According to these equations, a compound will be classified as “Active” if the value of F(Active) > F(NA), and vice versa. The classifications observed and calculated by the LDA model for Compounds 1–86 are shown in Table 3, and values of all atom pair descriptors used in Equation 1 and Equation 2 are shown in Supplementary Table S1.
The predictive ability of the LDA model was evaluated by the leave-one-out (LOO) procedure. The LOO prediction resulted in 89.5% correct classification, and 18 of 23 active and 59 of 63 inactive hydrazides were correctly predicted for their TNF-α induction activity classes (Table 3). Thus, these results confirm usefulness of the LDA model for a priori evaluation of macrophage TNF-α inducing activity of arylcarboxylic acid hydrazides.
Although 13 atom pair descriptors were utilized in the derived LDA model, this number should not be regarded as too large. Conventionally, the recommended number of variables for SAR and QSAR models, from a statistical point of view, should be ≤20% of the number of compounds. Hence, the number of atom pairs selected is reasonable for 86 hydrazide derivatives investigated.

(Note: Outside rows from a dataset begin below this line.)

(* Let $N,k,R$ be positive integers with $N>4kR$, and consider the open chain with sites $1,\dots,N$ and distance $|i-j|$. Let $H$ be an operator (not necessarily Hermitian) on $(\mathbb{C}^2)^{\otimes N}$ that is $k$-local and has range at most $R$. If $H|W^p\rangle=E_p|W^p\rangle$ with $E_p\in\mathbb{C}$ for every $p\in\{0,1,\dots,N\}$, then there exist constants $\Omega,\omega\in\mathbb{C}$ such that $E_p=\Omega+\omega p$ for all $p\in\{0,1,\dots,N\}$ (with $\Omega,\omega\in\mathbb{R}$ if $H$ is Hermitian).
   Context: System of $N$ qubits on sites $1,\dots,N$ with local basis $|0\rangle,|1\rangle$. For each site $i$, $s_i^\dagger$ acts on site $i$ as $s^\dagger|0\rangle=|1\rangle$, $s^\dagger|1\rangle=0$, and $s_i=(s_i^\dagger)^\dagger$ (so $s|1\rangle=|0\rangle$, $s|0\rangle=0$); $n_i=s_i^\dagger s_i$. $|\overline 0\rangle=|0\rangle^{\otimes N}$. Every operator has a unique expansion as a linear combination of normal-ordered strings $s^\dagger_{j_1}\cdots s^\dagger_{j_n}s_{k_1}\cdots s_{k_m}$ (the $j$'s pairwise distinct, the $k$'s pairwise distinct, overlaps between the two sets allowed; the empty string is $I$); the sites of such a string are $\{j_1,\dots,j_n,k_1,\dots,k_m\}$. A string has range $R$, where $R$ is the smallest positive integer such that all pairwise distances between its sites are $<R$. An operator has range at most $R$ if every string with nonzero coefficient in its expansion has range at most $R$; it is $k$-local if every such string involves at most $k$ distinct sites. Dicke states: $S^\dagger=\sum_{i=1}^N s_i^\dagger$ and, for $p=0,\dots,N$, $|W^p\rangle=(S^\dagger)^p|\overline 0\rangle/\|(S^\dagger)^p|\overline 0\rangle\|$, i.e. the normalized equal-weight superposition of all basis states with exactly $p$ sites in state $|1\rangle$. *)

(* Complex scalars: an arbitrary numClosedFieldType C
   (e.g. the complex numbers), with conjugation ^* and sqrtC. *)
From HB Require Import structures.
From mathcomp Require Import all_boot all_order all_algebra.
Set Implicit Arguments. Unset Strict Implicit. Unset Printing Implicit Defensive.
Import Order.TTheory GRing.Theory Num.Theory.
Local Open Scope ring_scope.

Section Qubits.
Variables (C : numClosedFieldType) (N : nat).

(* Computational basis of (C^2)^{⊗N}: a basis state is identified with the
   set of sites in state |1>.  Sites 1..N are represented by 'I_N (0..N-1). *)
Definition state := {set 'I_N} -> C.
(* An operator is given by its matrix entries  op x y = <x|op|y>. *)
Definition op := {set 'I_N} -> {set 'I_N} -> C.

Definition apply (A : op) (v : state) : state := fun x => \sum_y A x y * v y.
Definition mulop (A B : op) : op := fun x y => \sum_z A x z * B z y.
Definition idop : op := fun x y => (x == y)%:R.

(* s_i^dagger : |0>_i -> |1>_i, |1>_i -> 0 ;  s_i : |1>_i -> |0>_i, |0>_i -> 0 *)
Definition sdag (i : 'I_N) : op := fun x y => ((i \notin y) && (x == i |: y))%:R.
Definition sann (i : 'I_N) : op := fun x y => ((i \in y) && (x == y :\ i))%:R.

(* normal-ordered string  s^dag_{j1}...s^dag_{jn} s_{k1}...s_{km}
   (J = {j1..jn}, K = {k1..km}; factors on distinct sites commute) *)
Definition nstring (J K : {set 'I_N}) : op :=
  foldr (fun j A => mulop (sdag j) A)
        (foldr (fun k A => mulop (sann k) A) idop (enum K)) (enum J).

Definition expansion (c : {set 'I_N} -> {set 'I_N} -> C) : op :=
  fun x y => \sum_(J : {set 'I_N}) \sum_(K : {set 'I_N}) c J K * nstring J K x y.

Definition dist (i j : 'I_N) : nat := maxn i j - minn i j.

(* H is k-local and has range at most R: in its (unique) normal-ordered
   expansion, every string with nonzero coefficient involves at most k
   distinct sites and all pairwise distances of its sites are < R. *)
Definition klocal_range (H : op) (k R : nat) : Prop :=
  exists c : {set 'I_N} -> {set 'I_N} -> C,
    H = expansion c /\
    forall J K, c J K != 0 ->
      (#|J :|: K| <= k)%N /\
      forall i j, i \in J :|: K -> j \in J :|: K -> (dist i j < R)%N.

Definition hermitian_op (H : op) : Prop := forall x y, H x y = (H y x)^*.

Definition vac : state := fun x => (x == set0)%:R.
Definition Sdag : op := fun x y => \sum_i sdag i x y.
Definition dicke_un (p : nat) : state := iter p (apply Sdag) vac.
Definition vnorm (v : state) : C := sqrtC (\sum_x `|v x| ^+ 2).
Definition dicke (p : nat) : state :=
  fun x => (vnorm (dicke_un p))^-1 * dicke_un p x.

End Qubits.

From HB Require Import structures.
From mathcomp Require Import all_boot all_order all_algebra.
From mathcomp Require Import zify.
Set Implicit Arguments.
Unset Strict Implicit.
Unset Printing Implicit Defensive.
Import Order.TTheory GRing.Theory Num.Theory.
Local Open Scope ring_scope.

(* The Dicke state |W^p> is proportional to the indicator of the weight-p
   sector, so the eigenvalue equation evaluated at a basis state x of weight p
   says that the sum of the entries of row x of H over that sector,
   [sector_rowsum H x], is E_p.  A normal-ordered string contributes to this
   row sum through x restricted to its own sites only.  Since the range of H
   is at most R < N, no string touches both end sites 1 and N, so adding
   either end site to a set avoiding both changes the row sum independently
   of the other: E_(q+2) + E_q = 2 E_(q+1), and E is affine.  For Hermitian H,
   E_p is an eigenvalue of a Hermitian matrix, hence real.  Only the range
   bound (N > R) is used. *)

Lemma affine_of_second_difference (V : pzRingType) (n : nat) (f : nat -> V) :
  (forall q, (q.+2 <= n)%N -> f q.+2 + f q = f q.+1 + f q.+1) ->
  forall p, (p <= n)%N -> f p = f 0%N + (f 1%N - f 0%N) * p%:R.
Proof.
move=> second_diff0.
have diff_const q : (q < n)%N -> f q.+1 - f q = f 1%N - f 0%N.
  elim: q => // q IH lt_q1n; rewrite -IH; last exact: ltnW.
  by apply/eqP; rewrite subr_eq addrAC eq_sym subr_eq eq_sym second_diff0.
move=> p le_pn.
have -> : f p = f 0%N + \sum_(0 <= q < p) (f q.+1 - f q).
  by rewrite telescope_sumr // addrC subrK.
rewrite (@eq_big_nat _ _ _ 0 p _ (fun=> f 1%N - f 0%N)) => [|q /andP[_ lt_qp]].
  by rewrite sumr_const_nat subn0 mulr_natr.
by rewrite diff_const // (leq_trans lt_qp).
Qed.

Lemma sumr_delta_r (R : pzSemiRingType) (T : finType) (F : T -> R) (w : T) :
  \sum_z F z * (z == w)%:R = F w.
Proof.
rewrite (bigD1 w) //= eqxx mulr1 big1 ?addr0 // => z /negbTE ->.
by rewrite mulr0.
Qed.

Lemma disjoint_setU1 (T : finType) (a : T) (A B : {set T}) :
  [disjoint a |: A & B] = (a \notin B) && [disjoint A & B].
Proof. by rewrite -setI_eq0 setIUl setU_eq0 !setI_eq0 disjoints1. Qed.

Lemma exists_subset_card (T : finType) (A : {set T}) (q : nat) :
  (q <= #|A|)%N -> exists2 x : {set T}, x \subset A & #|x| = q.
Proof.
move=> le_qA; exists [set:: take q (enum A)].
  by apply/subsetP => a; rewrite inE => /mem_take; rewrite mem_enum.
rewrite cardsE (card_uniqP _) ?take_uniq ?enum_uniq // size_take -cardE.
by case: ltngtP le_qA => // ->.
Qed.

Section Qubits.
Variables (C : numClosedFieldType) (N : nat).
Implicit Types (x y J K : {set 'I_N}) (A B H : op C N) (v : state C N).

Lemma sdagE i x y : sdag C i x y = (i \in x)%:R * (y == x :\ i)%:R.
Proof.
rewrite /sdag -natrM mulnb; congr (_ %:R); congr (nat_of_bool _).
apply/andP/andP => [[i_y /eqP ->] | [i_x /eqP ->]].
  by rewrite setU11 setU1K.
by rewrite setD11 setD1K.
Qed.

Lemma sannE k x y : sann C k x y = (k \notin x)%:R * (y == k |: x)%:R.
Proof.
rewrite /sann -natrM mulnb; congr (_ %:R); congr (nat_of_bool _).
apply/andP/andP => [[k_y /eqP ->] | [k_x /eqP ->]].
  by rewrite setD11 setD1K.
by rewrite setU11 setU1K.
Qed.

Lemma mulop_sdagE j B x y : mulop (sdag C j) B x y = (j \in x)%:R * B (x :\ j) y.
Proof.
rewrite /mulop; under eq_bigr => z _ do rewrite sdagE mulrAC.
exact: sumr_delta_r.
Qed.

Lemma mulop_sannE k B x y : mulop (sann C k) B x y = (k \notin x)%:R * B (k |: x) y.
Proof.
rewrite /mulop; under eq_bigr => z _ do rewrite sannE mulrAC.
exact: sumr_delta_r.
Qed.

Lemma foldr_mulop_sannE B (s : seq 'I_N) x y : uniq s ->
  foldr (fun k A => mulop (sann C k) A) B s x y =
  [disjoint x & [set:: s]]%:R * B (x :|: [set:: s]) y.
Proof.
elim: s x => [|k s IH] x /=.
  by rewrite set_nil setU0 -setI_eq0 setI0 eqxx mul1r.
case/andP=> k_s uniq_s; rewrite mulop_sannE IH // set_cons -setUA setUCA.
rewrite disjoint_setU1 [in RHS]disjoint_sym disjoint_setU1 inE k_s.
by rewrite disjoint_sym mulrA -natrM mulnb.
Qed.

Lemma foldr_mulop_sdagE B (t : seq 'I_N) x y : uniq t ->
  foldr (fun j A => mulop (sdag C j) A) B t x y =
  ([set:: t] \subset x)%:R * B (x :\: [set:: t]) y.
Proof.
elim: t x => [|j t IH] x /=.
  by rewrite set_nil sub0set setD0 mul1r.
case/andP=> j_t uniq_t; rewrite mulop_sdagE IH // subsetD1 setDDl set_cons.
by rewrite subUset sub1set mulrA -natrM mulnb inE j_t andbT.
Qed.

Lemma nstringE J K x y : nstring C J K x y =
  (J \subset x)%:R * [disjoint x :\: J & K]%:R * (y == (x :\: J) :|: K)%:R.
Proof.
rewrite /nstring foldr_mulop_sdagE ?foldr_mulop_sannE ?enum_uniq // !set_enum.
by rewrite /idop mulrA eq_sym.
Qed.

Definition weight_state (p : nat) : state C N := fun x => (#|x| == p)%:R.

Lemma apply_nstring_weight_state J K q x :
  apply (nstring C J K) (weight_state q) x =
  (J \subset x)%:R * [disjoint x :\: J & K]%:R * (#|(x :\: J) :|: K| == q)%:R.
Proof.
rewrite /apply; under eq_bigr => y _ do rewrite nstringE mulrAC.
by rewrite sumr_delta_r.
Qed.

Definition sector_rowsum A x : C := apply A (weight_state #|x|) x.

Lemma sector_rowsum_nstring_setU1 J K x i :
  i \notin J -> i \notin K -> i \notin x ->
  sector_rowsum (nstring C J K) (i |: x) = sector_rowsum (nstring C J K) x.
Proof.
move=> i_J i_K i_x; rewrite /sector_rowsum !apply_nstring_weight_state.
have -> : (i |: x) :\: J = i |: (x :\: J).
  by rewrite setDUl; congr (_ :|: _); apply/setDidPl; rewrite disjoints1.
have J_i : J :\ i = J by apply/setDidPl; rewrite disjoint_sym disjoints1.
rewrite -subDset J_i disjoint_setU1 -setUA !cardsU1.
by rewrite !inE (negPf i_K) (negPf i_x) andbF /= eqn_add2l.
Qed.

Lemma sector_rowsum_expansion (c : {set 'I_N} -> {set 'I_N} -> C) x :
  sector_rowsum (expansion c) x =
  \sum_J \sum_K c J K * sector_rowsum (nstring C J K) x.
Proof.
rewrite /sector_rowsum /apply /expansion; under eq_bigr => y _ do rewrite mulr_suml.
rewrite exchange_big; apply: eq_bigr => J _ /=.
under eq_bigr => y _ do rewrite mulr_suml.
rewrite exchange_big; apply: eq_bigr => K _ /=.
by rewrite mulr_sumr; apply: eq_bigr => y _; rewrite mulrA.
Qed.

Definition coef_range_lt (c : {set 'I_N} -> {set 'I_N} -> C) (R : nat) :=
  forall J K, c J K != 0 ->
    forall a b, a \in J :|: K -> b \in J :|: K -> (dist a b < R)%N.

Lemma sector_rowsum_far_sites c R (i j : 'I_N) x :
  coef_range_lt c R -> ~~ (dist i j < R)%N -> i != j -> i \notin x -> j \notin x ->
  sector_rowsum (expansion c) (i |: (j |: x)) + sector_rowsum (expansion c) x =
  sector_rowsum (expansion c) (i |: x) + sector_rowsum (expansion c) (j |: x).
Proof.
move=> range_c far_ij neq_ij i_x j_x; rewrite !sector_rowsum_expansion -!big_split.
apply: eq_bigr => J _; rewrite -!big_split; apply: eq_bigr => K _ /=.
rewrite -!mulrDr; have [->|cJK] := eqVneq (c J K) 0; first by rewrite !mul0r.
congr (_ * _); have : (i \notin J :|: K) || (j \notin J :|: K).
  by rewrite -negb_and; apply: contra far_ij => /andP[]; exact: range_c.
case/orP; rewrite inE negb_or => /andP[k_J k_K].
- have i_jx : i \notin j |: x by rewrite in_setU1 negb_or neq_ij.
  rewrite [sector_rowsum _ (i |: (j |: x))]sector_rowsum_nstring_setU1 //.
  by rewrite [sector_rowsum _ (i |: x)]sector_rowsum_nstring_setU1 // addrC.
- have j_ix : j \notin i |: x by rewrite in_setU1 negb_or eq_sym neq_ij.
  rewrite setUCA [sector_rowsum _ (j |: (i |: x))]sector_rowsum_nstring_setU1 //.
  by rewrite [sector_rowsum _ (j |: x)]sector_rowsum_nstring_setU1.
Qed.

Lemma sector_rowsum_second_difference c R (E : nat -> C) :
  coef_range_lt c R -> (R < N)%N ->
  (forall x, sector_rowsum (expansion c) x = E #|x|) ->
  forall q, (q.+2 <= N)%N -> E q.+2 + E q = E q.+1 + E q.+1.
Proof.
move=> range_c R_lt_N rowE q le_q2N.
have [N_gt0 N1_lt_N] : (0 < N)%N /\ (N.-1 < N)%N by lia.
pose i : 'I_N := Ordinal N_gt0; pose j : 'I_N := Ordinal N1_lt_N.
have far_ij : ~~ (dist i j < R)%N by rewrite /dist /= max0n min0n subn0 -leqNgt; lia.
have neq_ij : i != j by apply/eqP => /(congr1 val) /=; lia.
have [x sub_x card_x] : exists2 x : {set 'I_N}, x \subset ~: [set i; j] & #|x| = q.
  by apply: exists_subset_card; rewrite cardsCs setCK cards2 neq_ij card_ord; lia.
have [i_x j_x] : i \notin x /\ j \notin x.
  by split; apply/negP => /(subsetP sub_x); rewrite !inE eqxx ?orbT.
have card_ix : #|i |: x| = q.+1 by rewrite cardsU1 i_x card_x.
have card_jx : #|j |: x| = q.+1 by rewrite cardsU1 j_x card_x.
have card_ijx : #|i |: (j |: x)| = q.+2.
  by rewrite cardsU1 in_setU1 negb_or neq_ij i_x card_jx.
have := sector_rowsum_far_sites range_c far_ij neq_ij i_x j_x.
by rewrite !rowE card_ijx card_x card_ix card_jx.
Qed.

Lemma apply_scale A u v (a : C) x :
  (forall y, u y = a * v y) -> apply A u x = a * apply A v x.
Proof.
move=> uE; rewrite /apply mulr_sumr; apply: eq_bigr => y _.
by rewrite uE mulrCA.
Qed.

Additionally, all coefficients of the classification functions (Eq. 1 and Eq. 2) were significant according to the Fisher criterion.
The atom pairs involved in Eq. 1 and Eq. 2 are not uniformly distributed in the number of chemical bonds D. Figure 3B shows that six atom pairs used in the LDA model have bond distances from 3 to 7, while the other seven descriptors are characterized by D values from 11 to 15. Indeed, this distribution is a reflection of total atom pair distribution (Figure 3A), which is conditioned by the dumbbell shape of the compounds investigated. On the other hand, the importance of “longer” atom pairs for SAR classification supports the supposition that a biological target interacts with the entire hydrazide molecule, rather than with metabolites of a smaller size.
2.4. Classification tree analysis with linear combination splits
In our previous SAR analysis of N-benzoylpyrazoles with elastase inhibitory activity, we also used LDA methodology;14 however, its use was preceded by application of one-way analysis of variance (ANOVA)16 for preliminary selection of descriptors having significant differences between in-class and total variances. This led to a substantial decrease in the number of atom pairs to reduce dimensionality of the data matrix for further SAR analysis. Since each descriptor selected by ANOVA has one-dimensional separation of classes, compounds from different groups are characterized by relatively distinct areas of data point projections on a single coordinate axis associated with a given descriptor (e.g., see Figure 4A).
Figure 4.
Simulated examples of descriptors with one-dimensional (A) and two-dimensional (B) separation. Active and non-active compounds are represented by open and close circles, respectively.
It should be noted that in the case of hydrazides 1–86, the pre-selection of atom pairs by ANOVA did not result in a satisfactory SAR model for predicting their macrophage TNF-α inducing activity if the LDA method was applied to the ANOVA-selected descriptors. Instead, good classification was achieved by stepwise LDA applied to the initial non-reduced data matrix, as described above. Noteably, only three atom pairs (C3_5_C4, CA_12_CL, and C4_14_NO) of thirteen descriptors involved in Eq. 1 and Eq. 2 were selected in the trial run of ANOVA and thus had approximately one-dimensional class separation, as exemplified in Figure 4A.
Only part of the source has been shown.